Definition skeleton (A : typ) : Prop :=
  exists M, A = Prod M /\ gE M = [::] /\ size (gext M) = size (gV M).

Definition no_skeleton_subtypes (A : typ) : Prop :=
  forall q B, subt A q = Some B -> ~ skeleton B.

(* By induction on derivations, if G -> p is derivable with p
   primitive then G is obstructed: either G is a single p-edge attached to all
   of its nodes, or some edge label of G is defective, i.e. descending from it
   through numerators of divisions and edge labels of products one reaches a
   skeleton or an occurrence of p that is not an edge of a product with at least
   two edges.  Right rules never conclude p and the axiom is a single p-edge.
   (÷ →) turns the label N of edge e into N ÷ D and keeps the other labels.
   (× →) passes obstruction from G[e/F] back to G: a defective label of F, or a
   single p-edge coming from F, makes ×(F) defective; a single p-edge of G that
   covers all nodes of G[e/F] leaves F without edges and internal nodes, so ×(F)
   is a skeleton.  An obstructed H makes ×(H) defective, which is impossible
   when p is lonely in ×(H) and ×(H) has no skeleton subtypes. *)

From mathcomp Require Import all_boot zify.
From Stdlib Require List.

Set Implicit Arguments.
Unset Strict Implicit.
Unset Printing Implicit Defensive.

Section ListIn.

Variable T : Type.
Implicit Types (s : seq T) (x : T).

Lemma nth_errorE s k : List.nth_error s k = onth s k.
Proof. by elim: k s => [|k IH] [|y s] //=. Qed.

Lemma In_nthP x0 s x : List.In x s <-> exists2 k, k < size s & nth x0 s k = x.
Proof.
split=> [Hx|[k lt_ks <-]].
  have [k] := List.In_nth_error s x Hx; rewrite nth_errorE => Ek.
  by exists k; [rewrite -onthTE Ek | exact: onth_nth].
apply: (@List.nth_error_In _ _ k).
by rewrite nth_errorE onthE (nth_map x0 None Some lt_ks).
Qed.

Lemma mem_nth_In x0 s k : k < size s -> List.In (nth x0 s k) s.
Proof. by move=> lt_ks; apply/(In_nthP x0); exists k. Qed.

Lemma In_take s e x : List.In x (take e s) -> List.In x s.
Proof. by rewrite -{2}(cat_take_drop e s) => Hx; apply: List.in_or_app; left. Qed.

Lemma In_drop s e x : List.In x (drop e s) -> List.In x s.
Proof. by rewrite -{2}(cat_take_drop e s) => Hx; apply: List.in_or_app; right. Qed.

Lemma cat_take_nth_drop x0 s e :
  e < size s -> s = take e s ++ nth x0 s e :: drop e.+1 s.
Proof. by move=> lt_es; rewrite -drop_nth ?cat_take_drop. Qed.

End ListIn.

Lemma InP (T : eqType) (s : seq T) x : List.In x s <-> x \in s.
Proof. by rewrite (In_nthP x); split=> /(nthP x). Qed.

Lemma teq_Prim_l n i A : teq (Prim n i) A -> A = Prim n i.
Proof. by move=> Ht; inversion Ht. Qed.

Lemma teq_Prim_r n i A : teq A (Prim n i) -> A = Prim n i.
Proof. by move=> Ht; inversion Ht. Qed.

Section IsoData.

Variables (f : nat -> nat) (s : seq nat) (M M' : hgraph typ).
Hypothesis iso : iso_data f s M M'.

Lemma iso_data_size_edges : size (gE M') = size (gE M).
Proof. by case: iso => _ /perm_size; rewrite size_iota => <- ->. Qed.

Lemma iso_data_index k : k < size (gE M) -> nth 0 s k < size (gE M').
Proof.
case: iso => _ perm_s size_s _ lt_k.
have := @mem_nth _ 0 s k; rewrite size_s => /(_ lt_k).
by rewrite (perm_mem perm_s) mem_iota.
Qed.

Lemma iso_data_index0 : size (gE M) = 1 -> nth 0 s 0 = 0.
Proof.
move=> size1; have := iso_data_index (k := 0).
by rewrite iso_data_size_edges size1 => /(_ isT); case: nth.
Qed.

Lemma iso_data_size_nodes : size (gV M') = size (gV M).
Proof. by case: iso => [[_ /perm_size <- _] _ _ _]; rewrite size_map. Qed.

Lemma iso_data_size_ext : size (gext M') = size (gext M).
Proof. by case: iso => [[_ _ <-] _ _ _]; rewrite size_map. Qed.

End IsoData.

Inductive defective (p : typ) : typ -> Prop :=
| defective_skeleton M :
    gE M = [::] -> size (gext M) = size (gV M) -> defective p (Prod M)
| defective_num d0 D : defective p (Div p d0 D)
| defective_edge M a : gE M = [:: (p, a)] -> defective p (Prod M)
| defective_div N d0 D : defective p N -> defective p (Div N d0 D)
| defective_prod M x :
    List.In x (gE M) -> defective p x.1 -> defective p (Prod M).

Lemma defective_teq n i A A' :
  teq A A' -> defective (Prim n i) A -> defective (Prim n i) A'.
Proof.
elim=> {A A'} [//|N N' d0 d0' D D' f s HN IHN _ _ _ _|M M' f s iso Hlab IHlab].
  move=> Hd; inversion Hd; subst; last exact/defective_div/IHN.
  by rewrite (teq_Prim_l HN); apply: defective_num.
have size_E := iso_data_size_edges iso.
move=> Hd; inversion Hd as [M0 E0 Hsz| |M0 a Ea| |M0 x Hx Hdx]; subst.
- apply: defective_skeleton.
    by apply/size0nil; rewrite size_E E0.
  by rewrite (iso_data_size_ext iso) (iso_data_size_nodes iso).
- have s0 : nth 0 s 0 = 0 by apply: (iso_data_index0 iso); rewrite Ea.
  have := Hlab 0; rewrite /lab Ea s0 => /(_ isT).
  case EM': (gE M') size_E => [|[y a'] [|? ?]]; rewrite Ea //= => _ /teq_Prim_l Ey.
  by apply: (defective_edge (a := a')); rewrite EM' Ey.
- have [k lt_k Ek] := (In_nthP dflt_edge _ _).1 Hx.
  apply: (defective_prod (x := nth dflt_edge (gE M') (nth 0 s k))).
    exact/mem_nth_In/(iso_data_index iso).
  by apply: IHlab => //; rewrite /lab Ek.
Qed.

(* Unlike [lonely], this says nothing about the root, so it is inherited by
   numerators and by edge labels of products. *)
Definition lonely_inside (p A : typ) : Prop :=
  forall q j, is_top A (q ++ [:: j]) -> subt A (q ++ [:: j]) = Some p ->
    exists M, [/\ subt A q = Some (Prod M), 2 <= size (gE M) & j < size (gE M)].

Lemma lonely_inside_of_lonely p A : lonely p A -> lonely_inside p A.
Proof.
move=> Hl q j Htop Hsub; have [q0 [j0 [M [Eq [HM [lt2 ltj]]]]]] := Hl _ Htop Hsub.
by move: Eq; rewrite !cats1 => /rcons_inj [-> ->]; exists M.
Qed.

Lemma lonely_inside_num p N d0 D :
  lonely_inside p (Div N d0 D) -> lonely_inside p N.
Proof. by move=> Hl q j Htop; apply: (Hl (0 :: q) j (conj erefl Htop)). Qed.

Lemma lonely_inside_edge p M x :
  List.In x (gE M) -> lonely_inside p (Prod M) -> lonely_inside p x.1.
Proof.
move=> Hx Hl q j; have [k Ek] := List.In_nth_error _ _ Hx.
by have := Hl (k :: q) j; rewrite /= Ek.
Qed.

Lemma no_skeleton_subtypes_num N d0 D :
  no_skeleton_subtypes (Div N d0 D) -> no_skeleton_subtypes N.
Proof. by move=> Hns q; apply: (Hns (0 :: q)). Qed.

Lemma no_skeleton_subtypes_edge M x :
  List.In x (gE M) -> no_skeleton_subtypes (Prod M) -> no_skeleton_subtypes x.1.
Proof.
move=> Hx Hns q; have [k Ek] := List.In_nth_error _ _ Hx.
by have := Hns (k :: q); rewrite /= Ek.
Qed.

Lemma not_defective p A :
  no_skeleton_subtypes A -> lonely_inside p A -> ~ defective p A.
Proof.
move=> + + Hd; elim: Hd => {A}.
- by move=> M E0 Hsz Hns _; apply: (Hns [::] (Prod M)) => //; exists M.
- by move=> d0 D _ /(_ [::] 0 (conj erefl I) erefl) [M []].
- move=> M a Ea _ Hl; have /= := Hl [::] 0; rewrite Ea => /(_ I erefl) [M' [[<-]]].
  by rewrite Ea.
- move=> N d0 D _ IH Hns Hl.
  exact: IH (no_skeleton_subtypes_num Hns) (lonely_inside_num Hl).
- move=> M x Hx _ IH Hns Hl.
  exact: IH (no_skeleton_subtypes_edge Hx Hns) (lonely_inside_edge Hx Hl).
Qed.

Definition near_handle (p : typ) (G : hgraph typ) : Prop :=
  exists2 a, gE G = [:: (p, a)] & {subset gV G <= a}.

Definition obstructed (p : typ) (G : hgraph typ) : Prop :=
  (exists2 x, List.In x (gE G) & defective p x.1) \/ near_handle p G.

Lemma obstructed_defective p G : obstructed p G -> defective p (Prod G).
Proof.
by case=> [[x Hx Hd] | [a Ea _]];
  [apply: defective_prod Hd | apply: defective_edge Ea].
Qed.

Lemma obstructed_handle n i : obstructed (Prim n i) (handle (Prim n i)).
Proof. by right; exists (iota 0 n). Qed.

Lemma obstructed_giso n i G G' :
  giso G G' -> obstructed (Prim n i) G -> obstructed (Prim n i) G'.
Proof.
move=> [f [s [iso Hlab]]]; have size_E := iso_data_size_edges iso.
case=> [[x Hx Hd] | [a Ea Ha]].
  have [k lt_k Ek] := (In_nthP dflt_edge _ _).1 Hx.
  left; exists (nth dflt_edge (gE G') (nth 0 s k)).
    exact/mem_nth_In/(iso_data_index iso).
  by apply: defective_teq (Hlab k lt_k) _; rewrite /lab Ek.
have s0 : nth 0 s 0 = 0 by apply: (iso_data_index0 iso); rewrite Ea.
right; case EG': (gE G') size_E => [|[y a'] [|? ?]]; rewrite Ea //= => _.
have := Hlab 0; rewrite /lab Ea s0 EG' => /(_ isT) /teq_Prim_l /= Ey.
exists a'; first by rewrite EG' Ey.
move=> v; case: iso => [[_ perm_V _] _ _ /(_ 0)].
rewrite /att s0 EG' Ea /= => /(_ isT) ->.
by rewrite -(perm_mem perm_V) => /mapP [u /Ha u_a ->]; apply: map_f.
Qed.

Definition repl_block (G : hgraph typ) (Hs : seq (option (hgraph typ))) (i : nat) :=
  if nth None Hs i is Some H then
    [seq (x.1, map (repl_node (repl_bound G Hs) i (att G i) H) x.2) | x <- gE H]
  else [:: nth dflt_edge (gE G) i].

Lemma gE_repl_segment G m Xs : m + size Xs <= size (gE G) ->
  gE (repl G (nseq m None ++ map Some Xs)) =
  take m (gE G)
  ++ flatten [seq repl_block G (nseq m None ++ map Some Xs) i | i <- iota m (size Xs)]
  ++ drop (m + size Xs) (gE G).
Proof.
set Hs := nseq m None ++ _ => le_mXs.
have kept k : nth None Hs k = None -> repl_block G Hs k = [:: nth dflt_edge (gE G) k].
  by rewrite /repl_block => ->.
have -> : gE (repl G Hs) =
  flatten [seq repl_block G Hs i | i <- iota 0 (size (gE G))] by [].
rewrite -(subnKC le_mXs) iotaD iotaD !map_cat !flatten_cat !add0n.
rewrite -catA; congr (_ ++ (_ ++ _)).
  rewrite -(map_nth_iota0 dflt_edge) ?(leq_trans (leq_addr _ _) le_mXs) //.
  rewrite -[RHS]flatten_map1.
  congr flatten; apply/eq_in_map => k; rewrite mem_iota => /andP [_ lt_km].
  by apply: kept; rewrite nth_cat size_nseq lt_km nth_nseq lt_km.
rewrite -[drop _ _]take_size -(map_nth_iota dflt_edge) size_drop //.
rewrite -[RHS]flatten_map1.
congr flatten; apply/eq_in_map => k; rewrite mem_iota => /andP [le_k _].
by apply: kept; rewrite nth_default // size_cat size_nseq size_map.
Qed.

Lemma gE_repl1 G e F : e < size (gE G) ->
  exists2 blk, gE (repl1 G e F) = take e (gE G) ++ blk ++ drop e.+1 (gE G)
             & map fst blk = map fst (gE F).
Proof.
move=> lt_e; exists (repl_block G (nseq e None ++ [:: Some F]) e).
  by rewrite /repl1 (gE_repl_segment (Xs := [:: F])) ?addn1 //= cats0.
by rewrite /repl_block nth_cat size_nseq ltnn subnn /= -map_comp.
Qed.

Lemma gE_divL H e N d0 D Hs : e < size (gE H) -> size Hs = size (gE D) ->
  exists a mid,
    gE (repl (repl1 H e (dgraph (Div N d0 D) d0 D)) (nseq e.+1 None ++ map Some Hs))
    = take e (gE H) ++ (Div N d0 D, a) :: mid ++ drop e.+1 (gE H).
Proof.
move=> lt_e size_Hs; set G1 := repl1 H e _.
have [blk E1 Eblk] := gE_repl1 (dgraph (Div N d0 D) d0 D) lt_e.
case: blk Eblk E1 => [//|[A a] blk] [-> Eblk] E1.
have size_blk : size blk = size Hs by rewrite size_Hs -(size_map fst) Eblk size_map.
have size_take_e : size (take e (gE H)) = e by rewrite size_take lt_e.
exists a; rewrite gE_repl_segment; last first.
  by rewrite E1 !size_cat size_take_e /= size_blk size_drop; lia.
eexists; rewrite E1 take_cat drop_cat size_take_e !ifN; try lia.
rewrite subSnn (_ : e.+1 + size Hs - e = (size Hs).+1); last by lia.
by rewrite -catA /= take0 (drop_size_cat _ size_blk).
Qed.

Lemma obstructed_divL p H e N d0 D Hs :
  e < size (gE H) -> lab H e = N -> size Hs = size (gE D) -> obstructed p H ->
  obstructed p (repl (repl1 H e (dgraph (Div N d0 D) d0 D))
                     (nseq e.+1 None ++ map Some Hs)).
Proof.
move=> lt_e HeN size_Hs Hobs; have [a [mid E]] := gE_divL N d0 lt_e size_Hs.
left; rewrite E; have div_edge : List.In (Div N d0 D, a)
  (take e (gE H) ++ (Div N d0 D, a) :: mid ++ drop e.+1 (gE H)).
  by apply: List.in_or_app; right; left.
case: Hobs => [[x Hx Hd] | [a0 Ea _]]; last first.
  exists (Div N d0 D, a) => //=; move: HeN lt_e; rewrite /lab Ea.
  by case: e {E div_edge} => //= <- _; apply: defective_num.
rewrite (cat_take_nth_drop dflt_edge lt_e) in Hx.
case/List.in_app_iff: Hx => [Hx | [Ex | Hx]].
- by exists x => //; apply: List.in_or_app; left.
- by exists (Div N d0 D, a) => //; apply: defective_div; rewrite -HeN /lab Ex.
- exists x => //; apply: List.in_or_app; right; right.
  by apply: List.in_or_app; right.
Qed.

+===+

Would you copy out exactly the lines above that start at the one containing "giso G G' ->" and end at the one containing "exists a'; first by rewrite EG' Ey.", inclusive?

**Reply to the task:**
  giso G G' -> obstructed (Prim n i) G -> obstructed (Prim n i) G'.
Proof.
move=> [f [s [iso Hlab]]]; have size_E := iso_data_size_edges iso.
case=> [[x Hx Hd] | [a Ea Ha]].
  have [k lt_k Ek] := (In_nthP dflt_edge _ _).1 Hx.
  left; exists (nth dflt_edge (gE G') (nth 0 s k)).
    exact/mem_nth_In/(iso_data_index iso).
  by apply: defective_teq (Hlab k lt_k) _; rewrite /lab Ek.
have s0 : nth 0 s 0 = 0 by apply: (iso_data_index0 iso); rewrite Ea.
right; case EG': (gE G') size_E => [|[y a'] [|? ?]]; rewrite Ea //= => _.
have := Hlab 0; rewrite /lab Ea s0 EG' => /(_ isT) /teq_Prim_l /= Ey.
exists a'; first by rewrite EG' Ey.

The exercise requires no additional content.